Flowers were a natural choice, considering their brightness, beauty and as a symbol of the passage of time. Besides, Sandy said, as her voice trailed off, that “it’s hard to go wrong with flowers.”

“In the foreword of this person’s book,” Sandy said, referring to one of the books she used for her flowers. “She talks about how flowers accompany us through our whole lives, when you get born, marry, die. And they just follow the whole arc of our lives, and they say things too, emotional things.

“They grow everywhere. Even in ice and hot desert sand, somebody will pop up. It’ll show you that there's some life in there.”

The fact that she referred to flowers as a “somebody” shows her connection to and love for her flowers.

Great support, and spreading her joy

Sandy Payson included a squirrel in her paper flower garden.  Payson has created a garden of sculptural paper flowers in her Sarasota home.
Sandy Payson included a squirrel in her paper flower garden. Payson has created a garden of sculptural paper flowers in her Sarasota home.

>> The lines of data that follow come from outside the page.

Lemma Vpp_rev k : Vpp k = rev (Vp k).
Proof. unfold Vpp, Vp, UtR. now rewrite rev_concat_map_rev. Qed.

Lemma sweep_Vp n c t : Z.Even t -> 0 <= t <= 2 * 2 ^ Z.of_nat n - 2 ->
  exists ss, sweep (Vp (S n)) ss (c, 2 ^ Z.of_nat n - 1) (c, t) (box c c 0 (2 * 2 ^ Z.of_nat n - 2)).
Proof.
  revert t; induction n as [|n IH]; intros t He Ht.
  - exists []. cbn in Ht |- *. replace t with 0 by lia.
    eapply sweep_ext; [|apply sweep_nil]. solve_cells.
  - rewrite pow2_succ in *. pose proof (pow2_ge_1 n) as HN.
    set (N := 2 ^ Z.of_nat n) in *.
    assert (Hlow : forall t, Z.Even t -> 0 <= t <= 2 * N - 2 ->
      exists ss, sweep (Vp (S (S n))) ss (c, N + N - 1) (c, t) (box c c 0 (2 * (2 * N) - 2))).
    { clear t He Ht. intros t He Ht.
      destruct (IH t He Ht) as [ss Hsw].
      set (M := (Nat.pow 2 (S n) - 1)%nat).
      exists (repeat true M ++ false :: ss).
      rewrite Vp_succ_succ, Ut_succ, <- app_assoc.
      eapply sweep_join; [apply sweep_units| |exact Hsw| |].
      - unfold M. rewrite step_vertical, of_nat_pow2_pred, pow2_succ. fold N.
        f_equal. cbn [sgn]. ring.
      - solve_cells.
      - unfold M; rewrite of_nat_pow2_pred, pow2_succ; fold N. solve_cells. }
    replace (2 * N - 1) with (N + N - 1) by lia.
    destruct (Z_le_gt_dec t (2 * N - 2)) as [Hle|Hgt]; [apply Hlow; auto; lia|].
    (* reflect the lower-half case through the middle cell *)
    destruct He as [h ->].
    destruct (Hlow (2 * (2 * N - 1 - h))) as [ss Hsw]; [now exists (2 * N - 1 - h)|lia|].
    exists (map negb ss).
    apply (sweep_reflect (2 * c, 4 * N - 2)) in Hsw.
    replace (reflect (2 * c, 4 * N - 2) (c, N + N - 1)) with (c, N + N - 1) in Hsw
      by (unfold reflect; cbn [fst snd]; f_equal; lia).
    replace (reflect (2 * c, 4 * N - 2) (c, 2 * (2 * N - 1 - h))) with (c, 2 * h) in Hsw
      by (unfold reflect; cbn [fst snd]; f_equal; lia).
    eapply sweep_ext; [|exact Hsw]. unfold reflect. solve_cells.
Qed.

Lemma sweep_Vpp n c t : Z.Even t -> 0 <= t <= 2 * 2 ^ Z.of_nat n - 2 ->
  exists ss, sweep (Vpp (S n)) ss (c, t) (c, 2 ^ Z.of_nat n - 1) (box c c 0 (2 * 2 ^ Z.of_nat n - 2)).
Proof.
  intros He Ht. destruct (sweep_Vp n c t He Ht) as [ss Hsw].
  exists (map negb (rev ss)). rewrite Vpp_rev. now apply sweep_rev.
Qed.

Lemma length_Vp_lt_block k : (length (Vp k) < length (block k))%nat.
Proof. unfold block. rewrite length_app. cbn [length app]. lia. Qed.

Lemma sweep_block n c e : Z.Even e -> 0 <= e <= 2 * 2 ^ Z.of_nat n - 2 ->
  exists ss,
    sweep (block (S n)) ss (c, 2 ^ Z.of_nat n - 1) (c + 1, 2 ^ Z.of_nat n - 1)
      (box c (c + 1) 0 (2 * 2 ^ Z.of_nat n - 2)) /\
    forall x0, nth (length (Vp (S n))) (landings (c, 2 ^ Z.of_nat n - 1) (block (S n)) ss) x0
               = (c + 1, e).
Proof.
  intros He Ht.
  destruct (sweep_Vp n c e He Ht) as [ssA HA].
  destruct (sweep_Vpp n (c + 1) e He Ht) as [ssB HB].
  exists (ssA ++ true :: ssB).
  change (block (S n)) with (Vp (S n) ++ (1, 0) :: Vpp (S n)).
  split.
  - eapply sweep_join; [exact HA|apply step_right|exact HB|solve_cells|solve_cells].
  - intro x0. destruct HA as (HlA & HqA & _).
    rewrite <- (Nat.add_0_r (length (Vp (S n)))), nth_landings_app_r, HqA by exact HlA.
    apply step_right.
Qed.

Definition blocks (k m : nat) : list jump := block k ++ concat (repeat ([(1, 0)] ++ block k) m).

Lemma blocks_succ k m : blocks k (S m) = block k ++ (1, 0) :: blocks k m.
Proof. reflexivity. Qed.

Lemma length_blocks k m :
  length (blocks k m) = (m * S (length (block k)) + length (block k))%nat.
Proof.
  induction m as [|m IH]; [unfold blocks; cbn; now rewrite app_nil_r|].
  rewrite blocks_succ, length_app. cbn [length]. rewrite IH. lia.
Qed.

Lemma sweep_blocks n m c (rr : nat -> Z) :
  (forall i, (i <= m)%nat -> Z.Even (rr i) /\ 0 <= rr i <= 2 * 2 ^ Z.of_nat n - 2) ->
  exists ss,
    sweep (blocks (S n) m) ss (c, 2 ^ Z.of_nat n - 1) (c + 2 * Z.of_nat m + 1, 2 ^ Z.of_nat n - 1)
      (box c (c + 2 * Z.of_nat m + 1) 0 (2 * 2 ^ Z.of_nat n - 2)) /\
    forall i x0, (i <= m)%nat ->
      nth (i * S (length (block (S n))) + length (Vp (S n)))
          (landings (c, 2 ^ Z.of_nat n - 1) (blocks (S n) m) ss) x0 = (c + 2 * Z.of_nat i + 1, rr i).
Proof.
  revert c rr; induction m as [|m IH]; intros c rr Hrr.
  - destruct (Hrr 0%nat (le_n _)) as [He Ht].
    destruct (sweep_block n c (rr 0%nat) He Ht) as [ss [Hsw Hmid]].
    exists ss. unfold blocks; cbn [repeat concat]. rewrite app_nil_r.
    split.
    + now replace (c + 2 * Z.of_nat 0 + 1) with (c + 1) by lia.
    + intros i x0 Hi. replace i with 0%nat by lia. rewrite Hmid. f_equal; lia.
  - destruct (Hrr 0%nat ltac:(lia)) as [He Ht].
    destruct (sweep_block n c (rr 0%nat) He Ht) as [ssA [HA HmidA]].
    destruct (IH (c + 2) (fun i => rr (S i))) as [ssB [HB HmidB]].
    { intros i Hi. apply Hrr. lia. }
    exists (ssA ++ true :: ssB). rewrite blocks_succ.
    split.
    + replace (c + 2 * Z.of_nat (S m) + 1) with (c + 2 + 2 * Z.of_nat m + 1) by lia.
      eapply sweep_join; [exact HA| |exact HB|solve_cells|solve_cells].
      rewrite step_right. f_equal. ring.
    + destruct HA as (HlA & HqA & _). intros [|i] x0 Hi.
      * pose proof (length_Vp_lt_block (S n)).
        rewrite nth_landings_app_l, HmidA by (exact HlA || lia).
        f_equal; lia.
      * replace (S i * S (length (block (S n))) + length (Vp (S n)))%nat
          with (length (block (S n)) + S (i * S (length (block (S n))) + length (Vp (S n))))%nat
          by lia.
        rewrite nth_landings_app_r, HqA by exact HlA.
        cbn [landings nth].
        rewrite step_right. replace (c + 1 + 1) with (c + 2) by ring.
        rewrite HmidB by lia. f_equal; lia.
Qed.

Sandy, who went to high school in Philadelphia, moved to the area for her freshman year at New College of Florida in 1975. In hindsight, she said with a laugh that “it was the right amount of miles from my family.”

Reminiscing on that time, she called Sarasota “a quiet place.” A self-described “tree hugger," Sandy expressed disappointment at the lack of priority on the environment over the years, but still kept saying how much she enjoys living in Sarasota.

“After I graduated, I just stayed here because I love it so much,” Sandy said.

When she was diagnosed with cancer, her and Robb's lives changed, but they made the best of the situation. They spent what Sandy calls the “uptimes” traveling to Europe and South America.

The pair was “having as much fun as absolutely possible,” according to Sandy.

When Sandy is working, Robb treats her “like I’m Picasso” and gives her the help and support she needs to keep doing what she loves.

“He’s been everything. He’s done everything for me since I got sick, and through all this,” Sandy said. “I’m like ‘Paloma [Picasso, the artist’s daughter], bring me another beer.’”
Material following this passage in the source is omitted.